WHAT YOU ARE ASKED TO DO:
The response should be the lines of the data, starting at the first and ending at the one that contains "(own play first): cc, cd, dc, dd. *)", copied without change.

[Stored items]
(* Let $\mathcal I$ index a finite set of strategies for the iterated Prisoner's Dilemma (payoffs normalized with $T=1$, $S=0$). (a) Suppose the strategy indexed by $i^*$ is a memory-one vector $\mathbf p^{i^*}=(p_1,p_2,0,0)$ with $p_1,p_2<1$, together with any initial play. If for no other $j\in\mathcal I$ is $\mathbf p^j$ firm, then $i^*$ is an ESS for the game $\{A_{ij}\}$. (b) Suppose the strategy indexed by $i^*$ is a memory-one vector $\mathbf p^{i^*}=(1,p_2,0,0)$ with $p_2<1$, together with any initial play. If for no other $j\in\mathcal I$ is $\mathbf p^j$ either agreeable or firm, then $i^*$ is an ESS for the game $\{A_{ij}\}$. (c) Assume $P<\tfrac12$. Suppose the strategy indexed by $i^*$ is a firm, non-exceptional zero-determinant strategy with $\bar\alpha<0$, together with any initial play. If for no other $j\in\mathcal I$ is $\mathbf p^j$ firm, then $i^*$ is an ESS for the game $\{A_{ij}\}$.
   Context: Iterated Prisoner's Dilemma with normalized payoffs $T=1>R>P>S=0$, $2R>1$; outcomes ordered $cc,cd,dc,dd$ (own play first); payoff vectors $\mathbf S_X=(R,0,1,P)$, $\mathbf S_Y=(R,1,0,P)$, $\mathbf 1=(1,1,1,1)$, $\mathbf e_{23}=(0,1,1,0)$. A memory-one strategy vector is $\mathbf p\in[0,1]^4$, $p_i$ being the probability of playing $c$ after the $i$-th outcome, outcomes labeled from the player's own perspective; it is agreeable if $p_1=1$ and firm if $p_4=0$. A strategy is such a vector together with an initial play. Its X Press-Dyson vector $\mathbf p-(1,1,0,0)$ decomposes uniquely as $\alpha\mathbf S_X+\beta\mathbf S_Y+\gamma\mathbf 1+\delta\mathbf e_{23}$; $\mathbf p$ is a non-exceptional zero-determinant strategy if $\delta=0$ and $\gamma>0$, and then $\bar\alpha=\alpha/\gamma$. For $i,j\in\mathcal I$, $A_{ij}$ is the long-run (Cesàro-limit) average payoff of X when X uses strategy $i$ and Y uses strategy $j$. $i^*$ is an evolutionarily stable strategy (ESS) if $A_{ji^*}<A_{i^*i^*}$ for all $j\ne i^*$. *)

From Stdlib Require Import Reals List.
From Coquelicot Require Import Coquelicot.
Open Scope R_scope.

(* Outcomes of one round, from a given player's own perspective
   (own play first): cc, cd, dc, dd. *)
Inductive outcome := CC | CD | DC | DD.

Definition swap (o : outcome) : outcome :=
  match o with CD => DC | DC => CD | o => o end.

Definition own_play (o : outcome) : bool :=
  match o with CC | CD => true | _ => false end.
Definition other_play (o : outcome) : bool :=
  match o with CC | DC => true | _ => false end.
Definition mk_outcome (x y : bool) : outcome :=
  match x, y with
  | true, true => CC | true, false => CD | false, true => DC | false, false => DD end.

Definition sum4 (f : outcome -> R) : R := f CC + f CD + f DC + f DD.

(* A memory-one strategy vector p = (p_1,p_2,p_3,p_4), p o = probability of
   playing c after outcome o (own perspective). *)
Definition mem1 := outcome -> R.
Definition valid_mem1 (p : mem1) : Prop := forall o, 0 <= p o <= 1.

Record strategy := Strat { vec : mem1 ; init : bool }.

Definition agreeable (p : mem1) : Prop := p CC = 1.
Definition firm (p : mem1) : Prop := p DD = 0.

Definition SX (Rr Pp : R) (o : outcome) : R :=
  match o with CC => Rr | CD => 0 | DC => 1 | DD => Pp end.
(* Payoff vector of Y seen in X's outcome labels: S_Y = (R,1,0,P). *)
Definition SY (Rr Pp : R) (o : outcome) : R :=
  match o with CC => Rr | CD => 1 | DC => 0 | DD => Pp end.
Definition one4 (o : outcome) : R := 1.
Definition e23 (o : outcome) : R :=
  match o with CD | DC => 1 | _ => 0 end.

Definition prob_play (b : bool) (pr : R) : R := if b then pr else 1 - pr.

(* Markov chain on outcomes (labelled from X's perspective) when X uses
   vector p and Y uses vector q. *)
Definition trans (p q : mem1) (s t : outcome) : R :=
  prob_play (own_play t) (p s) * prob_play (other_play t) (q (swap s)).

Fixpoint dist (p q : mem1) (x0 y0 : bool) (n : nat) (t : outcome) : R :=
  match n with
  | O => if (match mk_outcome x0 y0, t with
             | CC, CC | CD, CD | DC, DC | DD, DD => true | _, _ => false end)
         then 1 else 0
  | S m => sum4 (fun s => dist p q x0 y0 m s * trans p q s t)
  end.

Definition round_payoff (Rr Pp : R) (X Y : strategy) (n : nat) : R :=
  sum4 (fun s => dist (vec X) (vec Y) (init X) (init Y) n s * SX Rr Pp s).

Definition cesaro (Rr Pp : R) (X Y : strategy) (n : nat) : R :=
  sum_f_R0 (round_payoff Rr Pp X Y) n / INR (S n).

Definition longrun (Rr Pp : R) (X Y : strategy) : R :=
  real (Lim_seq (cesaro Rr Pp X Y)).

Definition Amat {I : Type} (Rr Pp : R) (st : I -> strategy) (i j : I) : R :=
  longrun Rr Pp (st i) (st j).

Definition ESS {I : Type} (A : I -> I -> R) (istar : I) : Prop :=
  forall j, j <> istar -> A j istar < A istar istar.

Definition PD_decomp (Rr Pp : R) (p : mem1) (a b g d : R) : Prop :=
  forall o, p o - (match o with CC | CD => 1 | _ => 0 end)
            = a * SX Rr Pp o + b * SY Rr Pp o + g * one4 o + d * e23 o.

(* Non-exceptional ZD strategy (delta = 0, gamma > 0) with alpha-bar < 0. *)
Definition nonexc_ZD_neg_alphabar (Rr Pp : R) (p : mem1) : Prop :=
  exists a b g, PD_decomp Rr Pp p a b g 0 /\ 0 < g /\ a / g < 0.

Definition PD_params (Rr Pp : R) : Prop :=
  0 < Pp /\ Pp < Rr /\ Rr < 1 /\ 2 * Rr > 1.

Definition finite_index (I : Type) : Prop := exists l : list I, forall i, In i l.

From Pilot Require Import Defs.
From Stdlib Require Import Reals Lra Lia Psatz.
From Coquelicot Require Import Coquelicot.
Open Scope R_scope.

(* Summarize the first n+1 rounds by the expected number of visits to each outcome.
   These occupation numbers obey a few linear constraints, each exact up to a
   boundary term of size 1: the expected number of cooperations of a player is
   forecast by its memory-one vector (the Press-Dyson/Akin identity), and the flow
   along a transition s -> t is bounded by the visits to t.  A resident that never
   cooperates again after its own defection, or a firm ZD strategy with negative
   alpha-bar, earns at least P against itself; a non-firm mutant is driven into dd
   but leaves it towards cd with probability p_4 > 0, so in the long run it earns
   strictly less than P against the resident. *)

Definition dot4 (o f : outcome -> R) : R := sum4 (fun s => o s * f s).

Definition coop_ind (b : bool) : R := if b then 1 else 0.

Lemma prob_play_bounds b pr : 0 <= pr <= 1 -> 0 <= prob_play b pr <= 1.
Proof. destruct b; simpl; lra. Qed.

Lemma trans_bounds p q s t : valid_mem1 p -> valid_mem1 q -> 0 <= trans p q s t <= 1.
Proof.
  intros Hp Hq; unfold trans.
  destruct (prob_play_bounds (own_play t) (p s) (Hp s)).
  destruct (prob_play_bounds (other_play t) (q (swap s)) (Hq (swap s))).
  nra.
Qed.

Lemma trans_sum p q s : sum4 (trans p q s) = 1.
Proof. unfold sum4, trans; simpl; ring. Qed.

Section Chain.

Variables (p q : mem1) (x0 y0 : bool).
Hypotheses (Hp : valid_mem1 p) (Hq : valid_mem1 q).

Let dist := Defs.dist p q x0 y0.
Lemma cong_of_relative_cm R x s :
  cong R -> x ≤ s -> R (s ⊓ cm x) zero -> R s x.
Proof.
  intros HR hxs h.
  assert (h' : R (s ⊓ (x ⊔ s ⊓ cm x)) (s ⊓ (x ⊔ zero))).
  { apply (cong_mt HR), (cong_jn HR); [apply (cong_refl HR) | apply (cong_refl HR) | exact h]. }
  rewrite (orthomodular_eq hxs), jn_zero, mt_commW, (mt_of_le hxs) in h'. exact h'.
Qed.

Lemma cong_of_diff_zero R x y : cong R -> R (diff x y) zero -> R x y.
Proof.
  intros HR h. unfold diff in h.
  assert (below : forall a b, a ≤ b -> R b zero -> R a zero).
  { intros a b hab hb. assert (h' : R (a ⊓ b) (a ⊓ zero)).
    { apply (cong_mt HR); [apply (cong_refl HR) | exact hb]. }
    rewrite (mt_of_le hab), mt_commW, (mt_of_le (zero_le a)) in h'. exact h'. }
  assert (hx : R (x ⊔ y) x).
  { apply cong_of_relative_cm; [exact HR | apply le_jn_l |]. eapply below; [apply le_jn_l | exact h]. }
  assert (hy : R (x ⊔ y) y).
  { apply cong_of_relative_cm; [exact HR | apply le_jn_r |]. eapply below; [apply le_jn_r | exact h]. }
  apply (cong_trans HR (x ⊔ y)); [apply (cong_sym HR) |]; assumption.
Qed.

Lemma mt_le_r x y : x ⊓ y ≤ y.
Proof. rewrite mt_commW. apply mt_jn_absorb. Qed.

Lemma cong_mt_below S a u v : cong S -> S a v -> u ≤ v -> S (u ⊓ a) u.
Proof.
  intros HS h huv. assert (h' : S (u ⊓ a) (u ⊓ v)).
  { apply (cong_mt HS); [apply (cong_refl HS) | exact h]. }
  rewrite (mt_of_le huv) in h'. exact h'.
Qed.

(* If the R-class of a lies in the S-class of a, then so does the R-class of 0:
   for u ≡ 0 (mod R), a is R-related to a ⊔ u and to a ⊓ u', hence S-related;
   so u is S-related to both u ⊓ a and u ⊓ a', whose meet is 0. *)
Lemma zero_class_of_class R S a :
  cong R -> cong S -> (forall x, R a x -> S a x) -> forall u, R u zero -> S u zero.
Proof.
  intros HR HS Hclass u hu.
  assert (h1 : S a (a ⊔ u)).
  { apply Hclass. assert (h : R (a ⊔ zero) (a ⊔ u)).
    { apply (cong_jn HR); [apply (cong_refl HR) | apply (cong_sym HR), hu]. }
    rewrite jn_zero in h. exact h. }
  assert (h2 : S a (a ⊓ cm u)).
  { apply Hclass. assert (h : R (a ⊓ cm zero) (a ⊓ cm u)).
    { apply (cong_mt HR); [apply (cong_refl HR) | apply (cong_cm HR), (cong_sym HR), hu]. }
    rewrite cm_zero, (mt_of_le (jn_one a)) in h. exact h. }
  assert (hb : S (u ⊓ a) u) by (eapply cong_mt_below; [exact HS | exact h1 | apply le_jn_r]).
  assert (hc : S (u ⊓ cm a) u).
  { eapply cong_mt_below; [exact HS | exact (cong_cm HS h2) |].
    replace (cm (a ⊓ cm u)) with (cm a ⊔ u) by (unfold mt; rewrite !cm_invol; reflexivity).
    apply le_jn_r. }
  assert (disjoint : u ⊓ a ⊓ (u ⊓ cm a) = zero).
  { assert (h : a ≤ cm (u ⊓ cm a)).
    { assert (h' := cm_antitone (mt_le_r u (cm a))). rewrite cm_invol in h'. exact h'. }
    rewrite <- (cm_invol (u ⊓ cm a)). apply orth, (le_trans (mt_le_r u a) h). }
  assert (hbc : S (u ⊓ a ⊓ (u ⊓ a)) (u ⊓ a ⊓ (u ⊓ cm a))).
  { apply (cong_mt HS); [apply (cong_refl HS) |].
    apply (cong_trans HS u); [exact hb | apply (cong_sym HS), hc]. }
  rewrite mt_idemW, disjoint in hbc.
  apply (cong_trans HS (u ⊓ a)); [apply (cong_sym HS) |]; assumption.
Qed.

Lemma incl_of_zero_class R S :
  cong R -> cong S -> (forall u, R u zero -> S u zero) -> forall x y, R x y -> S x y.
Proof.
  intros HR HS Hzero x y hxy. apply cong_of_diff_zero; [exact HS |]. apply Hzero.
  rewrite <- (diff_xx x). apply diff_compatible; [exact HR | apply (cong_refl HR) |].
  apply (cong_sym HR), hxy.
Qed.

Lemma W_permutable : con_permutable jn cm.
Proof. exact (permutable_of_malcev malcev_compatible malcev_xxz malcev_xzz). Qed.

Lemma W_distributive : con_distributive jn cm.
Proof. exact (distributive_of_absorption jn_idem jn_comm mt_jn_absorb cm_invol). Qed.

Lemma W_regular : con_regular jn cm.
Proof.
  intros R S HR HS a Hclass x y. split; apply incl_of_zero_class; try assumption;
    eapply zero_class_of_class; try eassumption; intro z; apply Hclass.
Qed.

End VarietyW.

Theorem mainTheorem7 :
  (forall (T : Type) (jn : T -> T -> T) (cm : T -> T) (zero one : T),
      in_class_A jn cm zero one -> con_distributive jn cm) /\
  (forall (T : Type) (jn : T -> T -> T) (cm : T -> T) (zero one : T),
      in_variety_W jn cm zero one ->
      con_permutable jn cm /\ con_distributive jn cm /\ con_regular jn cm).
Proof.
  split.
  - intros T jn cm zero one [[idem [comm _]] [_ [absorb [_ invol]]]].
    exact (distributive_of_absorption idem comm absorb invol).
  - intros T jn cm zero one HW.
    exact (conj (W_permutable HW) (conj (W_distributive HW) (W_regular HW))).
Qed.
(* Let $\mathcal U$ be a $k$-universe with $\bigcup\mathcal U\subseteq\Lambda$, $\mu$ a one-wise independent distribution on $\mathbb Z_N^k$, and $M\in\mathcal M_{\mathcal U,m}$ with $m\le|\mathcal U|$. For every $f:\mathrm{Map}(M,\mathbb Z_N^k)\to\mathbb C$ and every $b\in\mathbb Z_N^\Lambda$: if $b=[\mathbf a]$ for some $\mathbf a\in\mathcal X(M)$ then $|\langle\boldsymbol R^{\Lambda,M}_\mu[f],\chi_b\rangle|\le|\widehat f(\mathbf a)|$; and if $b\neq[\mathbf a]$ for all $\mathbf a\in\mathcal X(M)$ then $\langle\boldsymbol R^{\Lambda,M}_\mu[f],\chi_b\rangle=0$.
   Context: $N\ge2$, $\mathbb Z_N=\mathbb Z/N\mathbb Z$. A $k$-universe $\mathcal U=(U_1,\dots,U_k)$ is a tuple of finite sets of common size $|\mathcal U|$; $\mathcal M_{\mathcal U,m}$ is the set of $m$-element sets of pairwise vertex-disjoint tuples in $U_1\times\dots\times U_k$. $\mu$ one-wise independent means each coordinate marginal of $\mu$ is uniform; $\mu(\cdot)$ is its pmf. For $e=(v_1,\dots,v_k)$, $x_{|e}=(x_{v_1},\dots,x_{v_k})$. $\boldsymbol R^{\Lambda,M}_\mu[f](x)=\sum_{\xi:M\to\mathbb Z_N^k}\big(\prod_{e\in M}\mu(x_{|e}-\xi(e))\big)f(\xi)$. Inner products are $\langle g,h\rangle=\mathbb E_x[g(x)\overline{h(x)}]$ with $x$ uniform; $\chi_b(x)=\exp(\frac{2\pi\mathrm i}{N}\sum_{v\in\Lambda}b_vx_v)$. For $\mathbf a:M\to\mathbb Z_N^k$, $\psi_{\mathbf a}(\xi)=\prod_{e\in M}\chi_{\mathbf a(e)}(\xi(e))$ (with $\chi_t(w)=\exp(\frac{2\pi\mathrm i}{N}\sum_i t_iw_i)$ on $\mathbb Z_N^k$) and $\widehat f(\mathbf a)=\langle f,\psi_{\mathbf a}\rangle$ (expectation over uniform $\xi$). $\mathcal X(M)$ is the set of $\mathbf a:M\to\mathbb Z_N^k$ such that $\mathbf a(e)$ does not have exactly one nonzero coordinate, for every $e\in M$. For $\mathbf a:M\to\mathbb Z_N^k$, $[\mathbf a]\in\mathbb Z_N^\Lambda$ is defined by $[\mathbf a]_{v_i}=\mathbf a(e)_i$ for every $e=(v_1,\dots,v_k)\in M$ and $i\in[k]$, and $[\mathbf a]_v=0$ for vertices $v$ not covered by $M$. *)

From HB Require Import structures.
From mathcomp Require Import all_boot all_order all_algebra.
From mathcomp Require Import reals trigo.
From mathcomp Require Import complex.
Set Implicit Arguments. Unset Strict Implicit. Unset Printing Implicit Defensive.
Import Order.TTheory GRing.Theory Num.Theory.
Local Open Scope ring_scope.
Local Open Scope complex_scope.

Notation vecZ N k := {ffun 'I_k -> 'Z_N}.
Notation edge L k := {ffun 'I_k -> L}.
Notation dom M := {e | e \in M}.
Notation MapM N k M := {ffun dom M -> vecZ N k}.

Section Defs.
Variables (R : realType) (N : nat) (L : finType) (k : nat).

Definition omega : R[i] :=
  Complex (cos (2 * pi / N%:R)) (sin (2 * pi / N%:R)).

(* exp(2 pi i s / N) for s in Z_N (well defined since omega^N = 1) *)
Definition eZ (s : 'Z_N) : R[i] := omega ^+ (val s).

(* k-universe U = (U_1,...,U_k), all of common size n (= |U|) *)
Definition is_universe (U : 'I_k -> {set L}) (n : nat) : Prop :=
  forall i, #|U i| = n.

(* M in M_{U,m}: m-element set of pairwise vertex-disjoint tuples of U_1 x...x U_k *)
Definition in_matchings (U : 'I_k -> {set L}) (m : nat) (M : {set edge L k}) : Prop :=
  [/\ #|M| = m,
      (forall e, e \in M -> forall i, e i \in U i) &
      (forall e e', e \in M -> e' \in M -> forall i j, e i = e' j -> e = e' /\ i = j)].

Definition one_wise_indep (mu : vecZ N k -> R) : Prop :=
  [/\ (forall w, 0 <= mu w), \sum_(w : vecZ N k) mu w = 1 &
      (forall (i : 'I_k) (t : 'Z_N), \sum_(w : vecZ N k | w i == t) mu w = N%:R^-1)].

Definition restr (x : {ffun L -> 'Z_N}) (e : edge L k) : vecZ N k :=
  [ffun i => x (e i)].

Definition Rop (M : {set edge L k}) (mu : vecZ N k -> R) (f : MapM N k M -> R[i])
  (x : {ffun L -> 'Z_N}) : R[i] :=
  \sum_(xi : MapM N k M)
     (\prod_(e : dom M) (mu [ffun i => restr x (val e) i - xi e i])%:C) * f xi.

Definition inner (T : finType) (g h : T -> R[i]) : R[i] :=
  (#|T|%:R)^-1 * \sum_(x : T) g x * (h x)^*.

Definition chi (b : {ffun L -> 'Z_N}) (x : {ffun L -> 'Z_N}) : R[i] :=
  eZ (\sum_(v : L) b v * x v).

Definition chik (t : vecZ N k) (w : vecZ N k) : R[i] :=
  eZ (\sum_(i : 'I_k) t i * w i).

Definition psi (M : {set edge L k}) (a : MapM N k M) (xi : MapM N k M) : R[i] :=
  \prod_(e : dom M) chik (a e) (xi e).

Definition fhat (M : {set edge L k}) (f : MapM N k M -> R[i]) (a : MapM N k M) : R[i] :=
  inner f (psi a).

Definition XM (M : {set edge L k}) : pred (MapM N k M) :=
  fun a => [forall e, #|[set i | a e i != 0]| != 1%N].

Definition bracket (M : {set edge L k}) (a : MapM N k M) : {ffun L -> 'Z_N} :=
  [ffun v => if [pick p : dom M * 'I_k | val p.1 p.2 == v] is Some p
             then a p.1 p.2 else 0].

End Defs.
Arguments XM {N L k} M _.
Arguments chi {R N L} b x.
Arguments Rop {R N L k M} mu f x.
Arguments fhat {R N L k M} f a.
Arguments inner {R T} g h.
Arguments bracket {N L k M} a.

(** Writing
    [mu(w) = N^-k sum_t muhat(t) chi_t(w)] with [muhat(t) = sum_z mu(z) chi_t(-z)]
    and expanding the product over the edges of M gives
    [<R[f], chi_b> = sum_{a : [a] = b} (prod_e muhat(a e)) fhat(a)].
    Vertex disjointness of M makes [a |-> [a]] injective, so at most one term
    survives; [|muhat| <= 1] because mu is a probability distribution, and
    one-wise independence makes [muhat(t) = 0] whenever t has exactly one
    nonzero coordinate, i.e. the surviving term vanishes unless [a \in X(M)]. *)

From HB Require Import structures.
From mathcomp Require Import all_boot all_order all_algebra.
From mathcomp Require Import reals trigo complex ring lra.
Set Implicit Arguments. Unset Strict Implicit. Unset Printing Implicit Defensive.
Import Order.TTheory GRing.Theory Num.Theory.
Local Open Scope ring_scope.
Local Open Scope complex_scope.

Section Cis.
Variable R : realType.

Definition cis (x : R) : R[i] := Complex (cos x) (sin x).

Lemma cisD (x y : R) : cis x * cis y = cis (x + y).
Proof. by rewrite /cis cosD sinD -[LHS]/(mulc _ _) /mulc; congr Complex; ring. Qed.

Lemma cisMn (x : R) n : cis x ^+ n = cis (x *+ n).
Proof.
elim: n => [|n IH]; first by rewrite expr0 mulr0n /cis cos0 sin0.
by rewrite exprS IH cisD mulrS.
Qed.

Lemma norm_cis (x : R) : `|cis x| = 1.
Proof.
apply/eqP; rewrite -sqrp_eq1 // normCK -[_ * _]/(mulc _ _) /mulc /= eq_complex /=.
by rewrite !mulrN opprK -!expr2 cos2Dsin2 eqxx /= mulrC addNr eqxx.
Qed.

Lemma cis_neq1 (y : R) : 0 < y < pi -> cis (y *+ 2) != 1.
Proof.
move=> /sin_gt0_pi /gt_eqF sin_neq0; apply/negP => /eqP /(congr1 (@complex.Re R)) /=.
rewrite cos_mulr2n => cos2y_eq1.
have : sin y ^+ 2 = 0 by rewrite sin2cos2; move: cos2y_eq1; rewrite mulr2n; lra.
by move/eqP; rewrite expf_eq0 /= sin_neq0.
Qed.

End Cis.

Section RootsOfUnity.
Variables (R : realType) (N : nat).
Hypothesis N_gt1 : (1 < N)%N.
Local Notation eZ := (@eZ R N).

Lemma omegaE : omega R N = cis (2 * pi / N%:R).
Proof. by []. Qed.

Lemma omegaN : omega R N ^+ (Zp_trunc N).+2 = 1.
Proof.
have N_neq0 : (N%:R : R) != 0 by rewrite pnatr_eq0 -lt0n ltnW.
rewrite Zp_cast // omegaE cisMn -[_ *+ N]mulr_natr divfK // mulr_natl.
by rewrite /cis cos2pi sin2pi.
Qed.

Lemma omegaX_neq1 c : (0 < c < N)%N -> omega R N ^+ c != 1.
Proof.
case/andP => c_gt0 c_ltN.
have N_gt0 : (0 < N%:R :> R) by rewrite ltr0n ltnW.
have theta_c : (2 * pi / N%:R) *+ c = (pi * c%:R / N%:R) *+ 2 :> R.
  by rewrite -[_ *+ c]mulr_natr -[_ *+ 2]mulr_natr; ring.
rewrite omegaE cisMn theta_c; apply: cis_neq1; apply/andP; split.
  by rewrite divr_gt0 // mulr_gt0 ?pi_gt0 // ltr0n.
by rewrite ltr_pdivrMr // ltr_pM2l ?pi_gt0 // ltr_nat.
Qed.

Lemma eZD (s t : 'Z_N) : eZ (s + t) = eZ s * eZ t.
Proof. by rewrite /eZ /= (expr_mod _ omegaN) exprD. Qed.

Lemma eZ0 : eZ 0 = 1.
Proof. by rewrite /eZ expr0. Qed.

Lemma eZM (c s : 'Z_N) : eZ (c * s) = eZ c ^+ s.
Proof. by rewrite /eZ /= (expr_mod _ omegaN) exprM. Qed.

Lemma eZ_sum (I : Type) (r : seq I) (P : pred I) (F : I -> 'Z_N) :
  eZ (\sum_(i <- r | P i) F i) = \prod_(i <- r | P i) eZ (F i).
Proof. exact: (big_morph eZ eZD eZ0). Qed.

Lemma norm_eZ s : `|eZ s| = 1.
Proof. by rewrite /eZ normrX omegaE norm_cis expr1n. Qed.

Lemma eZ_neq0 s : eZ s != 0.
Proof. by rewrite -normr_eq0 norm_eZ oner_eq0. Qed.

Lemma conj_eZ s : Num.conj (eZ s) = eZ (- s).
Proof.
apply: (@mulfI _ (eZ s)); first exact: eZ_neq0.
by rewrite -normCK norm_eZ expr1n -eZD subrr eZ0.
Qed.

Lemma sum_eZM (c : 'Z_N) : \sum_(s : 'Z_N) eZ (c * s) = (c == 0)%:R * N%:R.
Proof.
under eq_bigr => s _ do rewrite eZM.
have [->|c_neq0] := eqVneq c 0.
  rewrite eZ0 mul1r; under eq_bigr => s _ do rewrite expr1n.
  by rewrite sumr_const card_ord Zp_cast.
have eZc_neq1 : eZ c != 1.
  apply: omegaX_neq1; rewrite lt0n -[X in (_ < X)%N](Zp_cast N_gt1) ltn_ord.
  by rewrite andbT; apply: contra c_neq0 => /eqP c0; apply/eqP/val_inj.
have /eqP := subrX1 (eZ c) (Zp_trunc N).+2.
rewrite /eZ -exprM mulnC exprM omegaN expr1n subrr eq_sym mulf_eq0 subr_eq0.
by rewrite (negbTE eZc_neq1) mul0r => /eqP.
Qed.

SOLUTION TO THE EXERCISE:
(* Let $\mathcal I$ index a finite set of strategies for the iterated Prisoner's Dilemma (payoffs normalized with $T=1$, $S=0$). (a) Suppose the strategy indexed by $i^*$ is a memory-one vector $\mathbf p^{i^*}=(p_1,p_2,0,0)$ with $p_1,p_2<1$, together with any initial play. If for no other $j\in\mathcal I$ is $\mathbf p^j$ firm, then $i^*$ is an ESS for the game $\{A_{ij}\}$. (b) Suppose the strategy indexed by $i^*$ is a memory-one vector $\mathbf p^{i^*}=(1,p_2,0,0)$ with $p_2<1$, together with any initial play. If for no other $j\in\mathcal I$ is $\mathbf p^j$ either agreeable or firm, then $i^*$ is an ESS for the game $\{A_{ij}\}$. (c) Assume $P<\tfrac12$. Suppose the strategy indexed by $i^*$ is a firm, non-exceptional zero-determinant strategy with $\bar\alpha<0$, together with any initial play. If for no other $j\in\mathcal I$ is $\mathbf p^j$ firm, then $i^*$ is an ESS for the game $\{A_{ij}\}$.
   Context: Iterated Prisoner's Dilemma with normalized payoffs $T=1>R>P>S=0$, $2R>1$; outcomes ordered $cc,cd,dc,dd$ (own play first); payoff vectors $\mathbf S_X=(R,0,1,P)$, $\mathbf S_Y=(R,1,0,P)$, $\mathbf 1=(1,1,1,1)$, $\mathbf e_{23}=(0,1,1,0)$. A memory-one strategy vector is $\mathbf p\in[0,1]^4$, $p_i$ being the probability of playing $c$ after the $i$-th outcome, outcomes labeled from the player's own perspective; it is agreeable if $p_1=1$ and firm if $p_4=0$. A strategy is such a vector together with an initial play. Its X Press-Dyson vector $\mathbf p-(1,1,0,0)$ decomposes uniquely as $\alpha\mathbf S_X+\beta\mathbf S_Y+\gamma\mathbf 1+\delta\mathbf e_{23}$; $\mathbf p$ is a non-exceptional zero-determinant strategy if $\delta=0$ and $\gamma>0$, and then $\bar\alpha=\alpha/\gamma$. For $i,j\in\mathcal I$, $A_{ij}$ is the long-run (Cesàro-limit) average payoff of X when X uses strategy $i$ and Y uses strategy $j$. $i^*$ is an evolutionarily stable strategy (ESS) if $A_{ji^*}<A_{i^*i^*}$ for all $j\ne i^*$. *)

From Stdlib Require Import Reals List.
From Coquelicot Require Import Coquelicot.
Open Scope R_scope.

(* Outcomes of one round, from a given player's own perspective
   (own play first): cc, cd, dc, dd. *)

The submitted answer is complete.